SERGE GAINSBOURG - Histoire De Melody Nelson

On this, the first-ever French concept album, Monsieur Gainsbourg alternately murmured and crooned the story of a doomed love affair between a middle-aged man and an adolescent girl, Melody Nelson. Setting the tragic tale to an instrumental accompaniment that perfectly combined bracing hard-rock guitar and funked-up rhythms with sumptuous orchestration, the record didn't sell very well upon release but still wound up becoming a classic, with everyone from Beck to Air having been influenced by the beauty of Melody.
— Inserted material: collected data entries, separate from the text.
(** Restart inequality: if [M] bounds the [m]-step hitting time from every
    state, then running [k] more steps first costs at most [M] times the
    probability of not having hit [B] within those [k] steps. *)
Lemma hit_time_restart inB M m : (forall s, hit_time_seq q L inB m s <= M) ->
  forall k s, hit_time_seq q L inB (k + m) s <=
    hit_time_seq q L inB k s + (1 - hitB_before_A q L (fun _ => false) inB k s) * M.
Proof.
  intros HM k. induction k as [|k IH]; intros s.
  - rewrite hit_time_0, hit_prob_0. simpl plus.
    destruct (inB s) eqn:E; [rewrite hit_time_inB by auto|specialize (HM s)]; lra.
  - simpl plus. rewrite !hit_time_S, hit_prob_S. destruct (inB s); [lra|]. cbv beta iota.
    set (T := fun x => hit_time_seq q L inB k (flip s x)).
    set (H := fun x => hitB_before_A q L (fun _ => false) inB k (flip s x)).
    assert (Step : fsum (seq 1 L) (fun x => jump_prob q L s x * hit_time_seq q L inB (k + m) (flip s x))
                <= fsum (seq 1 L) (fun x => jump_prob q L s x * (T x + (1 - H x) * M)))
      by (apply jump_avg_mono; intros; apply IH).
    assert (E : fsum (seq 1 L) (fun x => jump_prob q L s x * (T x + (1 - H x) * M)) =
      fsum (seq 1 L) (fun x => jump_prob q L s x * T x) + M * fsum (seq 1 L) (jump_prob q L s)
      + - M * fsum (seq 1 L) (fun x => jump_prob q L s x * H x)).
    { rewrite <- !fsum_scal, <- !fsum_plus. apply fsum_ext; intros; ring. }
    rewrite jump_prob_total in E. unfold T, H in *. cbv beta in *. lra.
Qed.

Lemma jump_scale_bounds : 0 < q / INR L <= 1.
Proof.
  assert (HLr : 1 <= INR L) by (apply (le_INR 1); auto).
  split; unfold Rdiv.
  - apply Rmult_lt_0_compat; [lra|]. apply Rinv_0_lt_compat; lra.
  - apply Rle_trans with (q * 1); [|lra]. apply Rmult_le_compat_l; [lra|].
    rewrite <- Rinv_1. apply Rinv_le_contravar; lra.
Qed.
This isn't the first re-ish of Gainsbourg's 1971 masterpiece, but the Light In The Attic label has done an absolutely bang-up job with packaging that includes the original French lyrics translated into English, a detailed look at the making of the album, and an early-'70s interview with le grand Serge himself.

Thursday
Feb262009

JON HASSELL - Last Night The Moon Came Dropping Its Clothes In The Street

Always one to leave breadcrumbs of esoteric info around for the interested (as on his website's Atmospherics sidebar), Jon Hassell makes a point of musing on the term "montage" in Last Night...'s liner notes, and enough time has elapsed since his Maarifa Street group first assembled in 2005 for a second recording by the band to now arrive, composites of live and studio work that follow last year's long-awaited reissue of Hassell's first session for ECM back in 1986, Power Spot. With Hassell's harmonizer often tracking his trumpet as on past efforts, Jan Bang and Dino J. A. Deane's live sampling particularly helps congeal these tracks into a miasma both tense and placid, nearly New Age but with an unmistakable edge that's been remarkably maintained throughout thirty years of Fourth World formulations.